**Problem requirements**
In the entries that follow, the lines from the one with "record_region r g -> 0 <= m -> m < g k ->" through the one with "by apply: contraFN" are the ones to write out, exactly and with both ends included. Nothing else should appear.

Data extracted from a collection:

(* Let $d \ge 1$ and $\rho \ge 0$ be integers and let $r^{(1)}, \dots, r^{(\rho)} \in (0,1)^d$ be pairwise incomparable points such that for each $j \in [d]$ the $\rho$ values $r^{(i)}_j$, $i \in [\rho]$, are distinct. Let $S$ be the record-setting region and $I$ the set of interior generators of these points. A point $g \in [0,1)^d$ belongs to $I$ if and only if (i) $g \in S$, and (ii) there exist $d$ distinct indices $i_1, \dots, i_d \in [\rho]$ such that $$g_j = r^{(i_j)}_j = \min\{ r^{(i_\ell)}_j : \ell \in [d]\} \quad \text{for every } j \in [d].$$
   Context: Notation: $[n] = \{1,\dots,n\}$. For $x,y \in \mathbb{R}^d$, $x \prec y$ means $x_j < y_j$ for all $j \in [d]$; $x \le y$ means $x_j \le y_j$ for all $j$; $x < y$ means $x \le y$ and $x \ne y$. Two points are incomparable if neither is $\le$ the other. Given points $r^{(1)},\dots,r^{(\rho)}$ (the ''current records''), the record-setting region is $S := \{x \in [0,1)^d : x \not\prec r^{(i)} \text{ for all } i \in [\rho]\}$. The generators of $S$ are the minimal elements of $S$ with respect to the partial order $\le$; the set of generators is denoted $G$. A point $x \in [0,1)^d$ is interior if all its coordinates are nonzero, and $I := \{g \in G : g \text{ interior}\}$ is the set of interior generators. *)

(* Points of R^d are functions 'I_d -> R over an arbitrary
   real (ordered) field R; the statement is purely order-theoretic. *)
From HB Require Import structures.
From mathcomp Require Import all_boot all_order all_algebra.
Set Implicit Arguments. Unset Strict Implicit. Unset Printing Implicit Defensive.
Import Order.TTheory GRing.Theory Num.Theory.
Local Open Scope ring_scope.

Section Defs.
Variables (R : realFieldType) (d rho : nat).

Definition slt (x y : 'I_d -> R) : Prop := forall j, x j < y j.
Definition cle (x y : 'I_d -> R) : Prop := forall j, x j <= y j.
Definition in_cube (x : 'I_d -> R) : Prop := forall j, 0 <= x j /\ x j < 1.
Definition in_open_cube (x : 'I_d -> R) : Prop := forall j, 0 < x j /\ x j < 1.

Definition record_region (r : 'I_rho -> 'I_d -> R) (x : 'I_d -> R) : Prop :=
  in_cube x /\ forall i, ~ slt x (r i).

Definition generator (r : 'I_rho -> 'I_d -> R) (g : 'I_d -> R) : Prop :=
  record_region r g /\
  ~ (exists y, record_region r y /\ cle y g /\ exists j, y j != g j).

Definition interior (x : 'I_d -> R) : Prop := forall j, x j != 0.

Definition interior_generator (r : 'I_rho -> 'I_d -> R) (g : 'I_d -> R) : Prop :=
  generator r g /\ interior g.

End Defs.

From HB Require Import structures.
From mathcomp Require Import all_boot all_order all_algebra.
Set Implicit Arguments. Unset Strict Implicit. Unset Printing Implicit Defensive.
Import Order.TTheory GRing.Theory Num.Theory.
Local Open Scope ring_scope.

(* An interior generator g has, for every coordinate k, a record r_i that
   touches g in coordinate k and lies strictly above g in every other one:
   otherwise the records that are above g off k all lie strictly below g k in
   coordinate k, and g k can be lowered to the largest of them (or to 0)
   while staying in S.  The records chosen for distinct coordinates are then
   distinct, and each is coordinatewise minimal in its own coordinate.
   Conversely such records pin g: lowering any coordinate k of g puts the
   point strictly below the record chosen for k. *)

Section RecordSetting.
Variables (R : realFieldType) (d rho : nat) (r : 'I_rho -> 'I_d -> R).

Definition above_except (k : 'I_d) (g : 'I_d -> R) (i : 'I_rho) : bool :=
  [forall j, (j != k) ==> (g j < r i j)].

Lemma above_exceptP k g i :
  reflect (forall j, j != k -> g j < r i j) (above_except k g i).
Proof.
by apply: (iffP forallP) => h j; [move=> njk; apply: (implyP (h j)) | apply/implyP/h].
Qed.

Lemma above_except_le k g i :
  record_region r g -> above_except k g i -> r i k <= g k.
Proof.
move=> [_ gS] /above_exceptP gi; rewrite leNgt; apply/negP => rik_lt.
by apply: (gS i) => j; case: (eqVneq j k) => [-> | /gi].
Qed.

Definition set_coord (g : 'I_d -> R) (k : 'I_d) (m : R) : 'I_d -> R :=
  fun j => if j == k then m else g j.

Lemma set_coord_record_region g k (m : R) :
  record_region r g -> 0 <= m -> m < g k ->
  (forall i, above_except k g i -> r i k <= m) ->
  record_region r (set_coord g k m).
Proof.
move=> [gcube _] m_ge0 m_lt bound_m; split.
  move=> j; rewrite /set_coord; case: (eqVneq j k) => [_ | _]; last exact: gcube.
  by split; last exact: lt_trans m_lt (gcube k).2.
move=> i below_ri.
have gi : above_except k g i.
  by apply/above_exceptP => j njk; have := below_ri j; rewrite /set_coord (negbTE njk).
by have := below_ri k; rewrite /set_coord eqxx ltNge bound_m.
Qed.

Lemma generator_witness g k :
  generator r g -> g k != 0 -> exists2 i, r i k = g k & above_except k g i.
Proof.
move=> [gS gmin] gk_neq0.
case: (pickP [pred i | (r i k == g k) && above_except k g i]) => [i /andP[/eqP] | no_witness].
  by exists i.
have below_gk i : above_except k g i -> r i k < g k.
  move=> gi; rewrite lt_neqAle above_except_le // andbT.
  by apply: contraFN (no_witness i) => rik; rewrite /= rik.
pose m := \big[Order.max/0]_(i | above_except k g i) r i k.
have gk_gt0 : 0 < g k by rewrite lt_neqAle eq_sym gk_neq0 (gS.1 k).1.
case: gmin; exists (set_coord g k m); split; last split.
- apply: set_coord_record_region; rewrite ?bigmax_ge_id ?bigmax_lt //.
  by move=> i gi; apply: le_bigmax_cond.
- by move=> j; rewrite /set_coord; case: (eqVneq j k) => [-> | _] //; exact/ltW/bigmax_lt.
- by exists k; rewrite /set_coord eqxx lt_eqF ?bigmax_lt.
Qed.

Definition witnesses (g : 'I_d -> R) (idx : 'I_d -> 'I_rho) : Prop :=
  forall k, r (idx k) k = g k /\ above_except k g (idx k).

Lemma interior_generator_witnesses g :
  interior_generator r g -> exists idx, witnesses g idx.
Proof.
move=> [ggen gint]; have [idx idx_eq idx_above] :=
  fin_all_exists2 (fun k => generator_witness ggen (gint k)).
by exists idx => k.
Qed.

Lemma witnesses_generator g idx :
  record_region r g -> witnesses g idx -> generator r g.
Proof.
move=> gS gidx; split=> // -[y [[_ yS] [y_le [k yk_neq]]]].
have [idx_k /above_exceptP idx_above] := gidx k.
apply: (yS (idx k)) => j; case: (eqVneq j k) => [-> | njk].
  by rewrite idx_k lt_neqAle yk_neq y_le.
exact: le_lt_trans (y_le j) (idx_above j njk).
Qed.

Lemma witnesses_interior g idx :
  (forall i, in_open_cube (r i)) -> witnesses g idx -> interior g.
Proof.
by move=> rcube gidx j; rewrite -(gidx j).1 gt_eqF // (rcube _ j).1.
Qed.

Lemma witnesses_minimal g idx :
  witnesses g idx ->
  injective idx /\ forall j, g j = r (idx j) j /\ forall l, r (idx j) j <= r (idx l) j.
Proof.
move=> gidx.
have above j l : j != l -> r (idx j) j < r (idx l) j.
  by move=> njl; rewrite (gidx j).1; apply/above_exceptP: njl; exact: (gidx l).2.
split.
  move=> j l idx_jl; apply/eqP; apply: contraT => njl.
  by have := above j l njl; rewrite idx_jl ltxx.
move=> j; split=> [|l]; first by rewrite (gidx j).1.
by case: (eqVneq j l) => [-> // | /above/ltW].
Qed.

Lemma minimal_witnesses g idx :
  (forall j, injective (fun i => r i j)) -> injective idx ->
  (forall j, g j = r (idx j) j /\ forall l, r (idx j) j <= r (idx l) j) ->
  witnesses g idx.
Proof.
move=> rinj idx_inj gmin k; split; first by rewrite (gmin k).1.
apply/above_exceptP => j njk; have [-> idx_le] := gmin j.
rewrite lt_neqAle idx_le andbT.
by apply: contra njk => /eqP /rinj /idx_inj ->.
Qed.

End RecordSetting.

Theorem theoremT (R : realFieldType) (d rho : nat) (hd : (1 <= d)%N)
  (r : 'I_rho -> 'I_d -> R)
  (hr : forall i, in_open_cube (r i))
  (hinc : forall i i', i != i' -> ~ cle (r i) (r i'))
  (hdist : forall j, injective (fun i => r i j))
  (g : 'I_d -> R) (hg : in_cube g) :
  interior_generator r g <->
  (record_region r g /\
   exists idx : 'I_d -> 'I_rho, injective idx /\
     forall j, g j = r (idx j) j /\ forall l, r (idx j) j <= r (idx l) j).
Proof.
split.
- move=> gI; have [idx gidx] := interior_generator_witnesses gI.
  by split; [exact: gI.1.1 | exists idx; exact: witnesses_minimal].
- move=> [gS [idx [idx_inj gmin]]].
  have gidx := minimal_witnesses hdist idx_inj gmin.
  by split; [exact: witnesses_generator gidx | exact: witnesses_interior gidx].
Qed.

**Solution below**
  record_region r g -> 0 <= m -> m < g k ->
  (forall i, above_except k g i -> r i k <= m) ->
  record_region r (set_coord g k m).
Proof.
move=> [gcube _] m_ge0 m_lt bound_m; split.
  move=> j; rewrite /set_coord; case: (eqVneq j k) => [_ | _]; last exact: gcube.
  by split; last exact: lt_trans m_lt (gcube k).2.
move=> i below_ri.
have gi : above_except k g i.
  by apply/above_exceptP => j njk; have := below_ri j; rewrite /set_coord (negbTE njk).
by have := below_ri k; rewrite /set_coord eqxx ltNge bound_m.
Qed.

Lemma generator_witness g k :
  generator r g -> g k != 0 -> exists2 i, r i k = g k & above_except k g i.
Proof.
move=> [gS gmin] gk_neq0.
case: (pickP [pred i | (r i k == g k) && above_except k g i]) => [i /andP[/eqP] | no_witness].
  by exists i.
have below_gk i : above_except k g i -> r i k < g k.
  move=> gi; rewrite lt_neqAle above_except_le // andbT.
  by apply: contraFN (no_witness i) => rik; rewrite /= rik.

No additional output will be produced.